ON TURNING FIFTY EIGHT
Getting of wisdom is what maturing is all about, but without compassion it is a flawed exercise, and ones life becomes conducive to jealousy, self -loathing, anger and war. War begins with the individual, and cannot exist where there is compassion. Terrorism exist because there is too much love, and not enough
compassion. Love can be misguided and even inappropriate. Compassion is the best basis for love, individually and globally.
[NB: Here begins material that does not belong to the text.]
(* Let $W$ be a polynomial, $\sigma>0$, and suppose $s$ with $\Re s<0$ is a quasinormal frequency in the sense of Leaver with $\sigma<(\Re\sqrt s)^2$, with corresponding nonzero solution $u(x)=\sum_{k\ge1}H_k(1-x)^k$. Then $u\in X^\sigma$. Consequently, if in addition $s\in\Omega_\sigma$, then $u$ is a nonzero element of $\mathcal D^\sigma$ with $\mathcal L_su=0$, i.e. $s$ is a quasinormal frequency in the sense that $\mathcal L_s:\mathcal D^\sigma\to Y^\sigma$ has nontrivial kernel.
   Context: For $|\arg z|<\pi$, $\sqrt z$ denotes the branch with $\Re\sqrt z>0$. $\mathcal L_su=\frac{d}{dx}(x^2\frac{du}{dx})+s\frac{du}{dx}-Wu$ on $I=(0,1)$. $s$ with $\Re s<0$ is a quasinormal frequency in the sense of Leaver if there is a solution $u$ of $\mathcal L_su=0$ of the form $u(x)=\sum_{k=1}^\infty H_k(1-x)^k$ with $\sup_k|H_ke^{2\sqrt{sk}}|<\infty$. For $\sigma>0$, $u\in C^\infty(\overline I)$, $k\in\{0,1,2\}$: $|u|^{0}_{\sigma,k,0}=\big(\sum_{n=0}^\infty\frac{\sigma^{2n}}{n!^2(n+1)!^2}n^{k}\int_0^1(x/\sigma)^k|\partial_x^nu|^2dx\big)^{1/2}$ (with $0^0:=1$), $\|u\|_{\sigma,0,0}=|u|^0_{\sigma,0,0}$, $[u]^0_\sigma=(\sum_{n=0}^\infty\frac{\sigma^{2n+1}}{n!^2(n+1)!^2}|u^{(n)}(0)|^2)^{1/2}$. $X^\sigma=\{u\in C^\infty(\overline I):u(1)=0,\ \|\partial_xu\|_{\sigma,0,0}+|\partial_xu|^0_{\sigma,1,0}+|\partial_xu|^0_{\sigma,2,0}+[\partial_xu]^0_\sigma<\infty\}$, $Y^\sigma=\{u\in C^\infty(\overline I):\|u\|_{\sigma,0,0}+|u|^0_{\sigma,1,0}+[u]^0_\sigma<\infty\}$, $\mathcal D^\sigma=\{u\in X^\sigma:\mathcal L_su\in Y^\sigma\}$. $\Omega^1_\sigma=\{s:\Re s\le0,\ \sigma<|\Im s|\}\cup\{s:\Re s>0,\ \sigma<|s|\}$; $\Omega^2_\sigma=\{s:\ \sigma<|s|+\Re s,\ \sigma>\frac{-\Re(s)|s|}{2(|s|+\Re s)}\}$; $\Omega^3_\sigma=\{s\neq0:\ \sigma(|s|-\sigma+\Re s)-(\sigma(1+\frac{\Re s}{|s|})+\frac12\Re s)^2>0\}$; $\Omega_\sigma=\Omega^1_\sigma\cap(\Omega^2_\sigma\cup\Omega^3_\sigma)$. *)

From Stdlib Require Import Reals Lra List Arith Factorial.
Open Scope R_scope.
Fifty eight is not a lot of summers, or springs. When I was in primary school I calculated that I would be fifty-three in the year two thousand. I tried to imagine being fifty-three and still being me but I couldn’t. When I turned fifty I didn’t consider myself as ‘old’. I probably won’t when I turn sixty, or even seventy. Part of being one of the baby boomers, in my group of contemporaries was the idea of maintaining optimum health. We meditated, when to regular yoga classes, jogged and cycled. And of course we were all vegetarians. Those of us who stuck to these ideals reached fifty without any of the degenerative problems that our parents expected and suffered. Despite my disability, my health is very good. I am still careful with my diet, eating fresh fruit and vegetables, and often organic produce which is the food I was brought up with, way back when. Fast food is not part of my regime, though I have sometimes gone to McDonalds to use their toilets. I eat fish (well no-ones perfect, and I know the world’s fish stocks are in a dire state). Linseed oil would be a better alternative for getting omega-3 fatty acids. I take antioxidants as well as ginko, because I live in big, polluted Sydney, under a flight path, though thankfully on the coast.
Fifty-eight is no big deal. I am happy, sad, worried and content living on a pension that is below the poverty line, with my enchanting wonder woman. Visualisation is a powerful tool I often apply. One day we will have a government worthy of its magnificent people; one that doesn’t consider compassion to be a dirty word.